Базовыми структурными элементами политического менталитета являются преобладающие в той или иной общности установки мышления, веры, воли, подсознательного и сверхсознательного, которые определяют характерные типы повседневного, социального, правового, экономического и политического поведения, свойственные как религиозным, так и секулярным группам.

Вместе с тем концепт менталитета включает в свой состав разнообразие широких и узких тем и понятий, которые в совокупности дают многоохватную картину той или иной общности.

Так, отечественные и зарубежные исследователи акцентируют внимание на том, что феномен менталитета выражается в национальном языке, проявляется в идентичности, соединенности устойчивых когнитивных особенностей и веры, образе мышления, своеобычной системе образов, представлений и умонастроений, установках сознания, специфике восприятия, стереотипах, особом способе мироощущения и мировосприятия.

Это еще и самобытный психический склад, и темперамент, идеалы, мифы, традиции и обычаи, ментальные репрезентации культуры, национальные особенности народа, матрица его духовно-религиозной жизни, своеобразие мотивационной сферы, устойчивых поведенческих моделей и т.д. Посредством операционализации этих и других конструктов изучается феномен менталитета, а также проводятся сравнительные ментальные исследования.

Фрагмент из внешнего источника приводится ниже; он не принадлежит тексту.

Lemma inv_on_cancel x : lo <= x <= hi -> inv_on phi lo hi (phi x) = x.
Proof.
  intros Hx. destruct (inv_on_spec (phi x) (range_of_pos_deriv x Hx)) as [Hin Heq].
  exact (inj_of_pos_deriv _ _ Hin Hx Heq).
Qed.

Lemma inv_on_deriv X : phi lo < X < phi hi ->
  derivable_pt_lim (inv_on phi lo hi) X (/ dphi (inv_on phi lo hi X)).
Proof.
  intros HX. set (psi := inv_on phi lo hi).
  assert (Hspec : forall Y, phi lo <= Y <= phi hi -> lo <= psi Y <= hi /\ phi (psi Y) = Y)
    by exact inv_on_spec.
  assert (Hends : psi (phi lo) = lo /\ psi (phi hi) = hi)
    by (split; apply inv_on_cancel; lra).
  assert (Hin : lo <= psi X <= hi) by (apply Hspec; lra).
  assert (Prf : forall x, psi (phi lo) <= x <= psi (phi hi) -> derivable_pt phi x).
  { intros x Hx. exists (dphi x). apply phi_deriv. lra. }
  assert (Hcont : continuity_pt psi X).
  { apply (continuity_pt_recip_interv phi psi lo hi lo_lt_hi strict_incr_of_pos_deriv).
    - intros Y h1 h2. unfold comp, id. apply Hspec. lra.
    - intros Y h1 h2. apply Hspec. lra.
    - exact continuity_of_deriv_on.
    - lra. }
  assert (Hrange : psi (phi lo) <= psi X <= psi (phi hi)) by lra.
  assert (Hd : derive_pt phi (psi X) (Prf (psi X) Hrange) = dphi (psi X))
    by (apply derive_pt_eq_0; apply phi_deriv; exact Hin).
  eapply D_eq.
  - apply (derivable_pt_lim_recip_interv phi psi (phi lo) (phi hi) X Prf Hcont); try lra.
    + intros Y HY. unfold comp, id. apply Hspec. lra.
    + rewrite Hd. apply Rgt_not_eq, dphi_pos, Hin.
  - rewrite Hd. unfold Rdiv. ring.
Qed.

End InverseOn.

Lemma antiderivative_exists (f : R -> R) (lo hi x0 : R) :
  lo <= x0 <= hi -> (forall x, lo <= x <= hi -> continuity_pt f x) ->
  exists F, F x0 = 0 /\ forall x, lo <= x <= hi -> derivable_pt_lim F x (f x).
Proof.
  intros Hx0 Hf. assert (h : lo <= hi) by lra.
  set (Pr := primitive h (FTC_P1 h Hf)).
  exists (fun x => Pr x - Pr x0). split; [ring|].
  intros x Hx. eapply D_eq; [apply D_minus; [exact (RiemannInt_P28 h Hf Hx) | apply D_const]|].
  ring.
Qed.

(** * The linear center *)

Definition rot_x (X0 Y0 t : R) : R := X0 * cos t + Y0 * sin t.
Definition rot_y (X0 Y0 t : R) : R := Y0 * cos t - X0 * sin t.

Lemma rot_x_deriv X0 Y0 t : derivable_pt_lim (rot_x X0 Y0) t (rot_y X0 Y0 t).
Proof. unfold rot_x, rot_y. eapply D_eq; [derive_rules|]. cbv beta. ring. Qed.

Lemma rot_y_deriv X0 Y0 t : derivable_pt_lim (rot_y X0 Y0) t (- rot_x X0 Y0 t).
Proof. unfold rot_x, rot_y. eapply D_eq; [derive_rules|]. cbv beta. ring. Qed.

Lemma rot_norm X0 Y0 t : rot_x X0 Y0 t ^ 2 + rot_y X0 Y0 t ^ 2 = X0 ^ 2 + Y0 ^ 2.
Proof.
  unfold rot_x, rot_y. pose proof (sin2_cos2 t) as H. unfold Rsqr in H.
  transitivity ((X0 ^ 2 + Y0 ^ 2) * (sin t * sin t + cos t * cos t)); [ring|].
  rewrite H. ring.
Qed.

Lemma rot_at_0 X0 Y0 : rot_x X0 Y0 0 = X0 /\ rot_y X0 Y0 0 = Y0.
Proof. unfold rot_x, rot_y. rewrite cos_0, sin_0. split; ring. Qed.

Lemma rot_periodic X0 Y0 t :
  rot_x X0 Y0 (t + 2 * PI) = rot_x X0 Y0 t /\ rot_y X0 Y0 (t + 2 * PI) = rot_y X0 Y0 t.
Proof. unfold rot_x, rot_y. rewrite cos_plus, sin_plus, cos_2PI, sin_2PI. split; ring. Qed.

Lemma rot_no_return X0 Y0 s : 0 < X0 ^ 2 + Y0 ^ 2 -> 0 < s < 2 * PI ->
  ~ (rot_x X0 Y0 s = X0 /\ rot_y X0 Y0 s = Y0).
Proof.
  intros HR Hs [Hx Hy]. unfold rot_x, rot_y in Hx, Hy.
  (* the rotation fixes a nonzero vector only if cos s = 1 and sin s = 0 *)
  assert (Hc : (X0 ^ 2 + Y0 ^ 2) * (cos s - 1) = 0).
  { transitivity (X0 * (X0 * cos s + Y0 * sin s - X0) + Y0 * (Y0 * cos s - X0 * sin s - Y0));
      [ring|]. rewrite Hx, Hy. ring. }
  assert (Hsn : (X0 ^ 2 + Y0 ^ 2) * sin s = 0).
  { transitivity (Y0 * (X0 * cos s + Y0 * sin s - X0) - X0 * (Y0 * cos s - X0 * sin s - Y0));
      [ring|]. rewrite Hx, Hy. ring. }
  apply Rmult_integral in Hc as [Hc|Hc]; [lra|].
  apply Rmult_integral in Hsn as [Hsn|Hsn]; [lra|].
  pose proof PI_RGT_0.
  destruct (Rtotal_order s PI) as [h|[h|h]].
  - pose proof (sin_gt_0 s ltac:(lra) h). lra.
  - subst s. rewrite cos_PI in Hc. lra.
  - pose proof (sin_lt_0 s h ltac:(lra)). lra.
Qed.

Lemma unit_vector_angle u v : u ^ 2 + v ^ 2 = 1 -> exists beta, cos beta = u /\ sin beta = v.
Proof.
  intros H. assert (Hu : -1 <= u <= 1) by nra.
  assert (Hs : 1 - u² = v ^ 2) by (unfold Rsqr; lra).
  destruct (Rle_dec 0 v) as [Hv|Hv].
  - exists (acos u). rewrite cos_acos, sin_acos, Hs, sqrt_pow2; auto.
  - exists (- acos u). rewrite cos_neg, sin_neg, cos_acos, sin_acos, Hs by exact Hu.
    replace (v ^ 2) with ((- v) ^ 2) by ring. rewrite sqrt_pow2; lra.
Qed.

Lemma rot_phase X0 Y0 : 0 < X0 ^ 2 + Y0 ^ 2 ->
  exists beta, forall t, rot_x X0 Y0 t = sqrt (X0 ^ 2 + Y0 ^ 2) * cos (t + beta) /\
                         rot_y X0 Y0 t = - sqrt (X0 ^ 2 + Y0 ^ 2) * sin (t + beta).
Proof.
  intros HR. set (r := sqrt (X0 ^ 2 + Y0 ^ 2)).
  assert (Hr : 0 < r) by (apply sqrt_lt_R0; exact HR).
  assert (Hr2 : r ^ 2 = X0 ^ 2 + Y0 ^ 2) by (apply pow2_sqrt; lra).
  destruct (unit_vector_angle (X0 / r) (- Y0 / r)) as [beta [Hc Hs]].
  { replace ((X0 / r) ^ 2 + (- Y0 / r) ^ 2) with ((X0 ^ 2 + Y0 ^ 2) / r ^ 2) by (field; lra).
    rewrite Hr2. field. lra. }
  exists beta. intros t. unfold rot_x, rot_y. rewrite cos_plus, sin_plus, Hc, Hs.
  split; field; lra.
Qed.

(** * Continuous polar angle *)

Lemma C_plus f g x : continuity_pt f x -> continuity_pt g x ->
  continuity_pt (fun t => f t + g t) x.
Proof. apply continuity_pt_plus. Qed.

Lemma C_minus f g x : continuity_pt f x -> continuity_pt g x ->
  continuity_pt (fun t => f t - g t) x.
Proof. apply continuity_pt_minus. Qed.
(* Let $f:\mathbb{X}(N,k)\to\mathbb{R}$ be a monotone $k$-submodular function, let $\hat{\mathbf{x}}\in\mathcal{X}$, and let $\hat{\mathbf{S}}=(\hat S_1,\dots,\hat S_k)$ be an optimal solution of the defender's problem defining $\Phi_D(\hat{\mathbf{x}})$, so that $\Phi_D(\hat{\mathbf{x}})=f(\hat{\mathbf{S}})$. Then for every $\mathbf{x}\in\mathcal{X}$, $$\Phi_D(\mathbf{x})\;\ge\;\Phi_D(\hat{\mathbf{x}})-\sum_{q=1}^k\sum_{i\in\hat S_q}\rho_{q,i}(\boldsymbol{\emptyset})\,x_{q,i}.$$
   Context: Let $n,k$ be positive integers and $N=\{1,\dots,n\}$. $\mathbb{X}(N,k)$ denotes the set of $k$-tuples $\mathbf{S}=(S_1,\dots,S_k)$ of pairwise disjoint subsets of $N$; such a tuple is identified with $\mathbf{s}\in\{0,1\}^{kn}$ where $s_{q,i}=1$ iff $i\in S_q$. For $\mathbf{X},\mathbf{Y}\in\mathbb{X}(N,k)$ let $\mathbf{X}\sqcap\mathbf{Y}=(X_1\cap Y_1,\dots,X_k\cap Y_k)$ and $\mathbf{X}\sqcup\mathbf{Y}$ be the tuple whose $i$-th component is $(X_i\cup Y_i)\setminus\bigcup_{q\ne i}(X_q\cup Y_q)$. A function $f:\mathbb{X}(N,k)\to\mathbb{R}$ is $k$-submodular if $f(\mathbf{X})+f(\mathbf{Y})\ge f(\mathbf{X}\sqcap\mathbf{Y})+f(\mathbf{X}\sqcup\mathbf{Y})$ for all $\mathbf{X},\mathbf{Y}$, and monotone if $f(\mathbf{X})\le f(\mathbf{Y})$ whenever $X_q\subseteq Y_q$ for all $q$. $\boldsymbol{\emptyset}=(\emptyset,\dots,\emptyset)$. For $\mathbf{X}\in\mathbb{X}(N,k)$, $q\in\{1,\dots,k\}$ and $i\in N\setminus\bigcup_r X_r$, the marginal gain is $\rho_{q,i}(\mathbf{X})=f(X_1,\dots,X_{q-1},X_q\cup\{i\},X_{q+1},\dots,X_k)-f(\mathbf{X})$. Given nonnegative integer budgets $A_1,\dots,A_k$ and $D_1,\dots,D_k$, the attacker's feasible set is $\mathcal{X}=\{\mathbf{x}\in\{0,1\}^{kn}:\sum_{i=1}^n x_{q,i}\le A_q\ \forall q,\ \sum_{q=1}^k x_{q,i}\le 1\ \forall i\in N\}$, and $\Phi_D(\mathbf{x})=\max\{f(\mathbf{S}):\mathbf{S}\in\mathbb{X}(N,k),\ s_{q,i}\le 1-x_{q,i}\ \forall q,i,\ \sum_{i=1}^n s_{q,i}\le D_q\ \forall q\}$. *)

From mathcomp Require Import all_boot all_order all_algebra.
Set Implicit Arguments. Unset Strict Implicit. Unset Printing Implicit Defensive.
Import Order.TTheory GRing.Theory Num.Theory.
Local Open Scope ring_scope.

(* N = 'I_n (elements 0..n-1 stand for 1..n), types 1..k are 'I_k.
   A k-tuple of subsets of N; X(N,k) is the set of such tuples whose
   components are pairwise disjoint. *)
Definition ktuple (n k : nat) := {ffun 'I_k -> {set 'I_n}}.

Definition pdisj (n k : nat) (X : ktuple n k) : bool :=
  [forall q : 'I_k, forall r : 'I_k, (q != r) ==> [disjoint X q & X r]].

Definition kmeet (n k : nat) (X Y : ktuple n k) : ktuple n k :=
  [ffun q => X q :&: Y q].

Definition kjoin (n k : nat) (X Y : ktuple n k) : ktuple n k :=
  [ffun q => (X q :|: Y q) :\: \bigcup_(r | r != q) (X r :|: Y r)].

Definition kempty (n k : nat) : ktuple n k := [ffun _ => set0].

Definition kadd (n k : nat) (X : ktuple n k) (q : 'I_k) (i : 'I_n) : ktuple n k :=
  [ffun r => if r == q then i |: X r else X r].

Definition k_submodular (R : realFieldType) (n k : nat) (f : ktuple n k -> R) : Prop :=
  forall X Y, pdisj X -> pdisj Y -> f X + f Y >= f (kmeet X Y) + f (kjoin X Y).

Definition k_monotone (R : realFieldType) (n k : nat) (f : ktuple n k -> R) : Prop :=
  forall X Y, pdisj X -> pdisj Y -> (forall q, X q \subset Y q) -> f X <= f Y.

Definition rho (R : realFieldType) (n k : nat) (f : ktuple n k -> R)
  (q : 'I_k) (i : 'I_n) (X : ktuple n k) : R := f (kadd X q i) - f X.

(* attacker vector x in {0,1}^{kn}: x q i = true iff x_{q,i} = 1 *)
Definition attack (n k : nat) := 'I_k -> 'I_n -> bool.

Definition attacker_feasible (n k : nat) (A : 'I_k -> nat) (x : attack n k) : Prop :=
  (forall q : 'I_k, (\sum_(i < n) (x q i : nat) <= A q)%N) /\
  (forall i : 'I_n, (\sum_(q < k) (x q i : nat) <= 1)%N).

(* defender feasibility of S against x (S identified with s in {0,1}^{kn}) *)
Definition defender_feasible (n k : nat) (D : 'I_k -> nat) (x : attack n k)
  (S : ktuple n k) : bool :=
  [&& pdisj S,
      [forall q : 'I_k, forall i : 'I_n, (i \in S q) ==> ~~ x q i] &
      [forall q : 'I_k, (#|S q| <= D q)%N]].

(* Phi_D(x) = max of f over defender-feasible S; the empty tuple is always
   feasible, so f(empty) is a valid (attained) default for the max. *)
Definition PhiD (R : realFieldType) (n k : nat) (f : ktuple n k -> R)
  (D : 'I_k -> nat) (x : attack n k) : R :=
  \big[Order.max/f (kempty n k)]_(S : ktuple n k | defender_feasible D x S) f S.

From mathcomp Require Import all_boot all_order all_algebra.
From mathcomp Require Import lra.
Import Order.TTheory GRing.Theory Num.Theory.
Set Implicit Arguments. Unset Strict Implicit.
Local Open Scope ring_scope.

(* Remove from Shat the elements attacked by x, one at a time.  The result is
   still defender-feasible against x, and by k-submodularity (applied to the
   current tuple and the singleton tuple of the removed element) each removal
   lowers f by at most the gain rho_{q,i}(empty) of that element from the empty
   tuple: marginal gains diminish. *)

Section KTuples.
Variables n k : nat.
Implicit Types (T U : ktuple n k) (q r s : 'I_k) (i j : 'I_n).

Lemma pdisjP T q r j : pdisj T -> q != r -> j \in T q -> j \notin T r.
Proof.
move=> /forallP /(_ q) /forallP /(_ r) /implyP dTqr /dTqr /disjointFr dj jTq.
by rewrite dj.
Qed.

Lemma pdisj_subset T U : pdisj T -> (forall q, U q \subset T q) -> pdisj U.
Proof.
move=> dT sUT; apply/forallP=> q; apply/forallP=> r; apply/implyP=> qr.
have /implyP/(_ qr) := forallP (forallP dT q) r.
exact: disjointW (sUT q) (sUT r).
Qed.

Definition kunit q i : ktuple n k := kadd (kempty n k) q i.

Lemma in_kunit q i r j : (j \in kunit q i r) = (r == q) && (j == i).
Proof. by rewrite !ffunE; case: (r == q); rewrite ?inE ?in_set0 ?orbF. Qed.

Lemma pdisj_kunit q i : pdisj (kunit q i).
Proof.
apply/forallP=> r; apply/forallP=> s; apply/implyP=> rs.
apply/pred0P=> j; rewrite /= !in_kunit.
by case: (r =P q) rs => [-> qs|] //=; rewrite (eq_sym s) (negbTE qs) andbF.
Qed.

Lemma kmeet_kunit T q i : i \notin T q -> kmeet T (kunit q i) = kempty n k.
Proof.
move=> iTq; apply/ffunP=> r; apply/setP=> j.
rewrite ffunE inE in_kunit ffunE in_set0.
by case: eqP => [->|_]; case: eqP => [->|_]; rewrite ?andbF ?(negbTE iTq).
Qed.

Lemma kjoin_kunit T q i :
  pdisj T -> (forall r, i \notin T r) -> kjoin T (kunit q i) = kadd T q i.
Proof.
move=> dT iT; apply/ffunP=> r; apply/setP=> j.
rewrite [in LHS]ffunE in_setD.
set Y := kunit q i.
have only_r : j \in T r :|: Y r -> j \notin \bigcup_(s | s != r) (T s :|: Y s).
  move=> jr; apply/bigcupP=> -[s sr]; move: jr; rewrite !inE !in_kunit.
  case/orP=> [jTr | /andP[/eqP rq /eqP ji]]; case/orP=> [jTs | /andP[/eqP sq /eqP ji']].
  - by rewrite (negbTE (pdisjP dT sr jTs)) in jTr.
  - by rewrite ji' (negbTE (iT r)) in jTr.
  - by rewrite ji (negbTE (iT s)) in jTs.
  - by rewrite sq rq eqxx in sr.
have -> : (j \in kadd T q i r) = (j \in T r :|: Y r).
  by rewrite ffunE inE in_kunit; case: (r == q); rewrite ?inE // orbC.
by case: (boolP (j \in T r :|: Y r)) => [/only_r -> | _]; rewrite ?andbF.
Qed.

Definition kdel T q i : ktuple n k :=
  [ffun r => if r == q then T r :\ i else T r].

Definition ksize T : nat := \sum_(q < k) #|T q|.

Lemma kdel_subset T q i r : kdel T q i r \subset T r.
Proof. by rewrite ffunE; case: (r == q); rewrite ?subsetDl. Qed.

Lemma kaddK T q i : i \in T q -> kadd (kdel T q i) q i = T.
Proof.
by move=> iTq; apply/ffunP=> r; rewrite !ffunE; case: eqP => [->|] //; rewrite setD1K.
Qed.

Lemma notin_kdel T q i r : pdisj T -> i \in T q -> i \notin kdel T q i r.
Proof.
move=> dT iTq; rewrite ffunE; case: eqP => [_|/eqP rq]; first by rewrite !inE eqxx.
by apply: pdisjP dT _ iTq; rewrite eq_sym.
Qed.

Lemma ksize_kdel T q i : i \in T q -> ksize T = (ksize (kdel T q i)).+1.
Proof.
move=> iTq; rewrite /ksize (bigD1 q) //= [in RHS](bigD1 q) //= ffunE eqxx.
rewrite (cardsD1 i (T q)) iTq add1n addSn; congr (_ + _).+1.
by apply: eq_bigr => r /negbTE rq; rewrite ffunE rq.
Qed.
End KTuples.

Section KSubmodular.
Variables (R : realFieldType) (n k : nat) (f : ktuple n k -> R).
Hypothesis f_ksub : k_submodular f.
Implicit Types (T U : ktuple n k) (q r : 'I_k) (i j : 'I_n).

Lemma rho_le_rho_kempty T q i :
  pdisj T -> (forall r, i \notin T r) -> rho f q i T <= rho f q i (kempty n k).
Proof.
move=> dT iT; have := f_ksub dT (pdisj_kunit q i).
by rewrite kmeet_kunit // kjoin_kunit // /rho /kunit; lra.
Qed.

Lemma ksubmodular_le_subset_gains T U :
  pdisj T -> (forall q, U q \subset T q) ->
  f T <= f U + \sum_(q < k) \sum_(i in T q :\: U q) rho f q i (kempty n k).
Proof.
have [m] := ubnP (ksize T); elim: m T => // m IH T szT dT sUT.
case: (boolP [exists q, exists i, i \in T q :\: U q]) => [|none]; last first.
  have -> : T = U.
    apply/ffunP=> q; apply/eqP; rewrite eqEsubset sUT andbT; apply/subsetP=> i iT.
    apply: contraR none => iU; apply/existsP; exists q; apply/existsP; exists i.
    by rewrite inE iU.
  by rewrite big1 ?addr0 // => q _; rewrite setDv big_set0.
case/existsP=> q /existsP[i iTU]; move: (iTU); rewrite inE => /andP[iU iT].
set T' := kdel T q i.
have dT' : pdisj T' := pdisj_subset dT (kdel_subset T q i).
have sUT' r : U r \subset T' r.
  by rewrite ffunE; case: eqP => [->|_]; rewrite ?subsetD1 ?sUT ?iU.
have szT' : (ksize T' < m)%N by move: szT; rewrite (ksize_kdel iT).
have gainsE : \sum_(r < k) \sum_(j in T r :\: U r) rho f r j (kempty n k) =
    rho f q i (kempty n k)
    + \sum_(r < k) \sum_(j in T' r :\: U r) rho f r j (kempty n k).
  rewrite (bigD1 q) //= [in RHS](bigD1 q) //= (big_setD1 i iTU) addrA.
  rewrite ffunE eqxx setDDl setUC -setDDl; congr (_ + _).
  by apply: eq_bigr => r /negbTE rq; rewrite ffunE rq.
have fTE : f T = f T' + rho f q i T' by rewrite /rho kaddK //; lra.
have := rho_le_rho_kempty q dT' (fun r => notin_kdel r dT iT).
have := IH T' szT' dT' sUT'.
by rewrite fTE gainsE; lra.
Qed.
End KSubmodular.

Definition unattacked n k (x : attack n k) (T : ktuple n k) : ktuple n k :=
  [ffun q => T q :\: [set i | x q i]].

Lemma unattacked_subset n k (x : attack n k) (T : ktuple n k) q :
  unattacked x T q \subset T q.
Proof. by rewrite ffunE subsetDl. Qed.

Lemma defender_feasible_unattacked n k (D : 'I_k -> nat) (x y : attack n k)
    (T : ktuple n k) :
  defender_feasible D y T -> defender_feasible D x (unattacked x T).
Proof.
case/and3P=> dT _ /forallP TD; apply/and3P; split.
- exact: pdisj_subset dT (unattacked_subset x T).
- by apply/forallP=> q; apply/forallP=> i; rewrite ffunE !inE; apply/implyP=> /andP[].
- apply/forallP=> q; apply: leq_trans (TD q).
  exact/subset_leq_card/unattacked_subset.
Qed.

Lemma sum_attacked_gains (R : realFieldType) n k (x : attack n k) (T : ktuple n k)
    q (g : 'I_n -> R) :
  \sum_(i in T q :\: unattacked x T q) g i = \sum_(i in T q) g i * (x q i)%:R.
Proof.
rewrite (eq_bigl (fun i => (i \in T q) && x q i)); last first.
  by move=> i; rewrite ffunE !inE; case: (x q i); rewrite /= ?andbT ?andbF ?andNb.
rewrite [LHS]big_mkcond [RHS]big_mkcond; apply: eq_bigr => i _.
by case: (i \in T q); case: (x q i); rewrite ?mulr1 ?mulr0.
Qed.

Lemma le_PhiD (R : realFieldType) n k (f : ktuple n k -> R) D (x : attack n k) S :
  defender_feasible D x S -> f S <= PhiD f D x.
Proof. exact: le_bigmax_cond. Qed.

Theorem theorem1 (R : realFieldType) (n k : nat) (f : ktuple n k -> R)
  (A D : 'I_k -> nat) (xhat : attack n k) (Shat : ktuple n k) :
  k_submodular f -> k_monotone f ->
  attacker_feasible A xhat ->
  defender_feasible D xhat Shat ->
  PhiD f D xhat = f Shat ->
  forall x : attack n k, attacker_feasible A x ->
    PhiD f D x >= PhiD f D xhat
      - \sum_(q < k) \sum_(i in Shat q) rho f q i (kempty n k) * (x q i)%:R.
Proof.
move=> f_ksub _ _ Shat_feas -> x _.
apply: le_trans (le_PhiD f (defender_feasible_unattacked x Shat_feas)).
have /and3P[dShat _ _] := Shat_feas.
have := ksubmodular_le_subset_gains f_ksub dShat (unattacked_subset x Shat).
under eq_bigr do rewrite sum_attacked_gains.
by move=> ?; lra.
Qed.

При относительно непродолжительной истории ментальных исследований глобальных политических миров мы открыли для себя, например, что, во-первых, ментально структурированные политические ориентации оказывают влияние на политическое поведение их носителей на индивидуальном, групповом и массовом уровне. Во-вторых, объединение людей в политические партии, союзы и сообщества происходит на основе идентичности, которая является одной из базовых ментальных конструкций. В-третьих, ментально-догматическими причинами определяются типы политической экспансии, виды, способы и принципы отстаивания интересов в политике. В-четвертых, догмат о тотальной универсальности политической доктрины либерализма, насаждаемый посредством ментально-политической экспансии англо-саксонского мира, является утопией конца XX — начала XXI века. В-пятых, образование государств, интеграция их в политические блоки, экономические сообщества и военные союзы осуществляются на устойчивых ментально-догматических основаниях, модификация или разрушение которых ведет к фрустрированию идентичности субъектов политики и последующей потере ими политической субъектности.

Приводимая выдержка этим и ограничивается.